··· Available data ···

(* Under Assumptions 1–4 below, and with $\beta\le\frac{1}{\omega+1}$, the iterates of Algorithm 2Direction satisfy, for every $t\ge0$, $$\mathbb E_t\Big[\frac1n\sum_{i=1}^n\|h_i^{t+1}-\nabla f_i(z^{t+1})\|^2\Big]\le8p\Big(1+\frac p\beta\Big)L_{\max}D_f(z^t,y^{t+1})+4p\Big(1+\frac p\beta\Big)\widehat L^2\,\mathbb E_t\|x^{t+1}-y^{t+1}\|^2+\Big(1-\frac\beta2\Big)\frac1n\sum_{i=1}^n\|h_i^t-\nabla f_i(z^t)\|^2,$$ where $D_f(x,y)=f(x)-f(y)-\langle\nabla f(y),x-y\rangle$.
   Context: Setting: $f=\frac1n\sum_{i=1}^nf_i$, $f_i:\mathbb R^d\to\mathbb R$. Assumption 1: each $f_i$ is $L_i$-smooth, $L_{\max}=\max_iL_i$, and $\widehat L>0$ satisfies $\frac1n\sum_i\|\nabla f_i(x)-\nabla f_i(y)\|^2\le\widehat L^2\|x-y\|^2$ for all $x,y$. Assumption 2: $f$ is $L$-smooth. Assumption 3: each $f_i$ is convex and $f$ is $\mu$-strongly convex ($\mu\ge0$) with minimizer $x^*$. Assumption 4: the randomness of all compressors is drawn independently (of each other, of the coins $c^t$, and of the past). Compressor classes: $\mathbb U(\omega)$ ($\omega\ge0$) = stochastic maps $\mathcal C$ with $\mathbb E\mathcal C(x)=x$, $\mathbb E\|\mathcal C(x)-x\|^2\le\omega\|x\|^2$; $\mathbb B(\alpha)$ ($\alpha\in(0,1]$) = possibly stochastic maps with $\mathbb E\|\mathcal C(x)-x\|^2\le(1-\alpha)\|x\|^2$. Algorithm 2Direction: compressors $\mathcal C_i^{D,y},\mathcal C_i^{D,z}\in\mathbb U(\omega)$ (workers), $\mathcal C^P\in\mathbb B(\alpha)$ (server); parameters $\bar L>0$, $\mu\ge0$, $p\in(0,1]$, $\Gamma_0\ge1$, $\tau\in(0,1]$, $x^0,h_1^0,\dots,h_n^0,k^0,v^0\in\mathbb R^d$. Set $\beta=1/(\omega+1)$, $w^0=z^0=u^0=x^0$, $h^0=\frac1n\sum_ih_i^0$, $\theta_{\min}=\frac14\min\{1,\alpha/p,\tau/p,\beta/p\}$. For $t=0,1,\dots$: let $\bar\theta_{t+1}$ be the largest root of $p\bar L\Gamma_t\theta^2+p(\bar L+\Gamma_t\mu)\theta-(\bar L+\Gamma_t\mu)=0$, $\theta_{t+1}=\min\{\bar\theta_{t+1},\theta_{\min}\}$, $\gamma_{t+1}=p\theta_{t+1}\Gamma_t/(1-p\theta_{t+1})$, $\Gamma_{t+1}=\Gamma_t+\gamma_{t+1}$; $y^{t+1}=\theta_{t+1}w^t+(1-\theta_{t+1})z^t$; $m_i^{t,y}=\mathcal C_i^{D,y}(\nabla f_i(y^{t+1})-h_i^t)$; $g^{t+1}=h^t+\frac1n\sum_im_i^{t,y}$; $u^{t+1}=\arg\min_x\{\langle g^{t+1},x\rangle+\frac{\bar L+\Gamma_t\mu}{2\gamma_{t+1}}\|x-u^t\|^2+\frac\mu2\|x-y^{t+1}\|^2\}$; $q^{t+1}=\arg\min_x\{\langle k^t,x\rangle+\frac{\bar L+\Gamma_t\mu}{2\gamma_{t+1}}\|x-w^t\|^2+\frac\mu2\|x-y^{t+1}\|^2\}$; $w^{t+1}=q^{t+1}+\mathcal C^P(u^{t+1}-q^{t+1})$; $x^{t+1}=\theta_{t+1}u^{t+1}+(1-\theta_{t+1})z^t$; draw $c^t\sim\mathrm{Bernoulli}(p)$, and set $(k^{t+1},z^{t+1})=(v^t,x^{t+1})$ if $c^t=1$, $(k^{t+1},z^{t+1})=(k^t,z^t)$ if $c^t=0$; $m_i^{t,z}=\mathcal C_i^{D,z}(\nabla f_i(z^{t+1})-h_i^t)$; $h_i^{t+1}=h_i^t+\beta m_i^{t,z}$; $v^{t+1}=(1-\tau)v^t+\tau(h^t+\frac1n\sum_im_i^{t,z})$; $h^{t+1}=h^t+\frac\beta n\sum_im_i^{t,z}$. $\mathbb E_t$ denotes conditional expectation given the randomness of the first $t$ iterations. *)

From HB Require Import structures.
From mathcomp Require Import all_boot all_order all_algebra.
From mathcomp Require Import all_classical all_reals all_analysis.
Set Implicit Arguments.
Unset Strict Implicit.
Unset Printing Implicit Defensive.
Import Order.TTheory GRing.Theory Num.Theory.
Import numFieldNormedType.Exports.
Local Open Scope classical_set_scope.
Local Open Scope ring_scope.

···
··· Available data ···

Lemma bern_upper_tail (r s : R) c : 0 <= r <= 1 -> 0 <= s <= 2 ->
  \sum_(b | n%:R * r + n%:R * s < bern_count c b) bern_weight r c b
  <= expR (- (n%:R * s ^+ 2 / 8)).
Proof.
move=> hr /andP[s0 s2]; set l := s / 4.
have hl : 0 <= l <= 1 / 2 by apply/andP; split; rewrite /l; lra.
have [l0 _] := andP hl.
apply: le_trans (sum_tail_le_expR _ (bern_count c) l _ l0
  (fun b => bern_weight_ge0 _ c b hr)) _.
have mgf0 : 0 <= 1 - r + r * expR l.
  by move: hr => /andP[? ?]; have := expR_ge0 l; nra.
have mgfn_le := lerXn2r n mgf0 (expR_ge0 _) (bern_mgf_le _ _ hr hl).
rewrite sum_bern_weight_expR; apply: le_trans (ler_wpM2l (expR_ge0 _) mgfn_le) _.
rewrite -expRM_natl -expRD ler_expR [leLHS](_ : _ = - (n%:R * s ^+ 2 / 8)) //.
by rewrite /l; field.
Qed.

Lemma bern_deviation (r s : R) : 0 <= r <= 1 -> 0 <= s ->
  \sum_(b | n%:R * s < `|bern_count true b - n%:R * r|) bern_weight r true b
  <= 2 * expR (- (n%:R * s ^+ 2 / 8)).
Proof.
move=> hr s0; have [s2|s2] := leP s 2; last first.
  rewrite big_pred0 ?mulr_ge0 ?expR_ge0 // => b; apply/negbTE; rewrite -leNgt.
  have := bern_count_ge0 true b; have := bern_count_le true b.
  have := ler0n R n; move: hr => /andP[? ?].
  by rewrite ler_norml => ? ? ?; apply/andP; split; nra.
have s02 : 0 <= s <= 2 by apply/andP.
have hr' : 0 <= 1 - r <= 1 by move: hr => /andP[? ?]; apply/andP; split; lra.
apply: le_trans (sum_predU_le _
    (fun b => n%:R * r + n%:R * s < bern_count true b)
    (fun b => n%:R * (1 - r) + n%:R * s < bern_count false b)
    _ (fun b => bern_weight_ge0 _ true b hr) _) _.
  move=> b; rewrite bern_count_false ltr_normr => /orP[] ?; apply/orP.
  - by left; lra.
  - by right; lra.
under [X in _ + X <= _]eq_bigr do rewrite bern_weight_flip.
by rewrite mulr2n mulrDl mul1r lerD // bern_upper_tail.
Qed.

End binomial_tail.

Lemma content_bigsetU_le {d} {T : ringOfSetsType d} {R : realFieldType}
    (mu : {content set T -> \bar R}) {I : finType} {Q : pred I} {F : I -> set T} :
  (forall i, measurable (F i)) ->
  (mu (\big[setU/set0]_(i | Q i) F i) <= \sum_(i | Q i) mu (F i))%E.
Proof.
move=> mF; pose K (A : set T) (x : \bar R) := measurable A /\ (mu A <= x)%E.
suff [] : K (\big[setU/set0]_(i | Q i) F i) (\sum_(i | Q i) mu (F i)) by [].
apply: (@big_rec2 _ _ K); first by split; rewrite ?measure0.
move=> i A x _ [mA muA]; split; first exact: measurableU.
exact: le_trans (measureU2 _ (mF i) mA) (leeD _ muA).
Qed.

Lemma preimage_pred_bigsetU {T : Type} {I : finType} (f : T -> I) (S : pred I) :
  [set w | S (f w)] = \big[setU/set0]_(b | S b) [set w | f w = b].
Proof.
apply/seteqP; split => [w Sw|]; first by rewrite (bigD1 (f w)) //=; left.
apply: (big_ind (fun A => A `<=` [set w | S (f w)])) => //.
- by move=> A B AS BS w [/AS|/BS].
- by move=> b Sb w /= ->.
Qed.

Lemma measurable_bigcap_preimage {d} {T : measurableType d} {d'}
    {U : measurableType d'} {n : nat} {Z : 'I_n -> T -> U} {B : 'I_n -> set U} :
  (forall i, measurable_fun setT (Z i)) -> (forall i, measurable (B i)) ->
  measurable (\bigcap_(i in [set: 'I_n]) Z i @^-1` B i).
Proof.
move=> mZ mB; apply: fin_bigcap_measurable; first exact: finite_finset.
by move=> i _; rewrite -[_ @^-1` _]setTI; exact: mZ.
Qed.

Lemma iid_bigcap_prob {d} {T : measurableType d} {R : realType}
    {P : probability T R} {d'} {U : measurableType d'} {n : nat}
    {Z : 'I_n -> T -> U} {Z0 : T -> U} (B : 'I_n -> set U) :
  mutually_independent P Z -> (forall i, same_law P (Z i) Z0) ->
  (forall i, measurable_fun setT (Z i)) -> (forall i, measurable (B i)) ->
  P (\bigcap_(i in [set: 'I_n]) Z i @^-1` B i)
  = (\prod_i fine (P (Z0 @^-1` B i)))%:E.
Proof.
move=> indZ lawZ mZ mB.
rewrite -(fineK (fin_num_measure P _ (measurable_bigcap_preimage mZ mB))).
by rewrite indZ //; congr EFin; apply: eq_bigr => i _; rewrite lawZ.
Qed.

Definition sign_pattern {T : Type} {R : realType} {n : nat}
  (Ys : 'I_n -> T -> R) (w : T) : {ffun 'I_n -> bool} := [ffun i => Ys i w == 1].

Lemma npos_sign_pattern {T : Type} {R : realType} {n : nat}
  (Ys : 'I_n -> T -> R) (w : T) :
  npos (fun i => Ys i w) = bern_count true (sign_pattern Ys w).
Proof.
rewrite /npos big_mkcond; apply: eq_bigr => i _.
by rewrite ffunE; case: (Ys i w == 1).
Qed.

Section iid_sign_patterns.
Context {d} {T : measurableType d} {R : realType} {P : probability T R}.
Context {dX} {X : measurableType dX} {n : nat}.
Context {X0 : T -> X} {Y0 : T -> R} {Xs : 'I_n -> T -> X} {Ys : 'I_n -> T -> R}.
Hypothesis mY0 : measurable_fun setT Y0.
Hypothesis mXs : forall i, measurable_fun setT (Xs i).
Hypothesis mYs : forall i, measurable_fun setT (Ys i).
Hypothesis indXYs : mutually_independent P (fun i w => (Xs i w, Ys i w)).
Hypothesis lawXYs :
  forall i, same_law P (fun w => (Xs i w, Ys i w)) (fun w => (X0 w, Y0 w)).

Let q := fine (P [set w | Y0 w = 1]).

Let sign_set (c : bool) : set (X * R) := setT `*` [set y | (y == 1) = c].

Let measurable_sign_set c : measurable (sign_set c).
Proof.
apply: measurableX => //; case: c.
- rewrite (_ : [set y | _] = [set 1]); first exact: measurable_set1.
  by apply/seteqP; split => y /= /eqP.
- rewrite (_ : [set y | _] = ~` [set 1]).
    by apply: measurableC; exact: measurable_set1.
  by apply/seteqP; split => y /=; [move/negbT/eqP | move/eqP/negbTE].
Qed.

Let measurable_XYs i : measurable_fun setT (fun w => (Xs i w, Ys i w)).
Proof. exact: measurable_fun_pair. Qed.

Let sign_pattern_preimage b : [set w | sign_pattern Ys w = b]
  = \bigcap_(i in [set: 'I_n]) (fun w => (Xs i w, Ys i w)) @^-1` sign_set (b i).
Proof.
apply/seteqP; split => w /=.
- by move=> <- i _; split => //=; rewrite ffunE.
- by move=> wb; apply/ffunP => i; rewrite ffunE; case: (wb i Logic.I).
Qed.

···

What the exercise asks = Extract from the records above the lines from the one containing "<= expR (- (n%:R * s ^+ 2 / 8))." to the one containing "suff [] : K", both lines included, exactly as they appear and with nothing else.

Completed exercise =
  <= expR (- (n%:R * s ^+ 2 / 8)).
Proof.
move=> hr /andP[s0 s2]; set l := s / 4.
have hl : 0 <= l <= 1 / 2 by apply/andP; split; rewrite /l; lra.
have [l0 _] := andP hl.
apply: le_trans (sum_tail_le_expR _ (bern_count c) l _ l0
  (fun b => bern_weight_ge0 _ c b hr)) _.
have mgf0 : 0 <= 1 - r + r * expR l.
  by move: hr => /andP[? ?]; have := expR_ge0 l; nra.
have mgfn_le := lerXn2r n mgf0 (expR_ge0 _) (bern_mgf_le _ _ hr hl).
rewrite sum_bern_weight_expR; apply: le_trans (ler_wpM2l (expR_ge0 _) mgfn_le) _.
rewrite -expRM_natl -expRD ler_expR [leLHS](_ : _ = - (n%:R * s ^+ 2 / 8)) //.
by rewrite /l; field.
Qed.

Lemma bern_deviation (r s : R) : 0 <= r <= 1 -> 0 <= s ->
  \sum_(b | n%:R * s < `|bern_count true b - n%:R * r|) bern_weight r true b
  <= 2 * expR (- (n%:R * s ^+ 2 / 8)).
Proof.
move=> hr s0; have [s2|s2] := leP s 2; last first.
  rewrite big_pred0 ?mulr_ge0 ?expR_ge0 // => b; apply/negbTE; rewrite -leNgt.
  have := bern_count_ge0 true b; have := bern_count_le true b.
  have := ler0n R n; move: hr => /andP[? ?].
  by rewrite ler_norml => ? ? ?; apply/andP; split; nra.
have s02 : 0 <= s <= 2 by apply/andP.
have hr' : 0 <= 1 - r <= 1 by move: hr => /andP[? ?]; apply/andP; split; lra.
apply: le_trans (sum_predU_le _
    (fun b => n%:R * r + n%:R * s < bern_count true b)
    (fun b => n%:R * (1 - r) + n%:R * s < bern_count false b)
    _ (fun b => bern_weight_ge0 _ true b hr) _) _.
  move=> b; rewrite bern_count_false ltr_normr => /orP[] ?; apply/orP.
  - by left; lra.
  - by right; lra.
under [X in _ + X <= _]eq_bigr do rewrite bern_weight_flip.
by rewrite mulr2n mulrDl mul1r lerD // bern_upper_tail.
Qed.

End binomial_tail.

Lemma content_bigsetU_le {d} {T : ringOfSetsType d} {R : realFieldType}
    (mu : {content set T -> \bar R}) {I : finType} {Q : pred I} {F : I -> set T} :
  (forall i, measurable (F i)) ->
  (mu (\big[setU/set0]_(i | Q i) F i) <= \sum_(i | Q i) mu (F i))%E.
Proof.
move=> mF; pose K (A : set T) (x : \bar R) := measurable A /\ (mu A <= x)%E.
suff [] : K (\big[setU/set0]_(i | Q i) F i) (\sum_(i | Q i) mu (F i)) by [].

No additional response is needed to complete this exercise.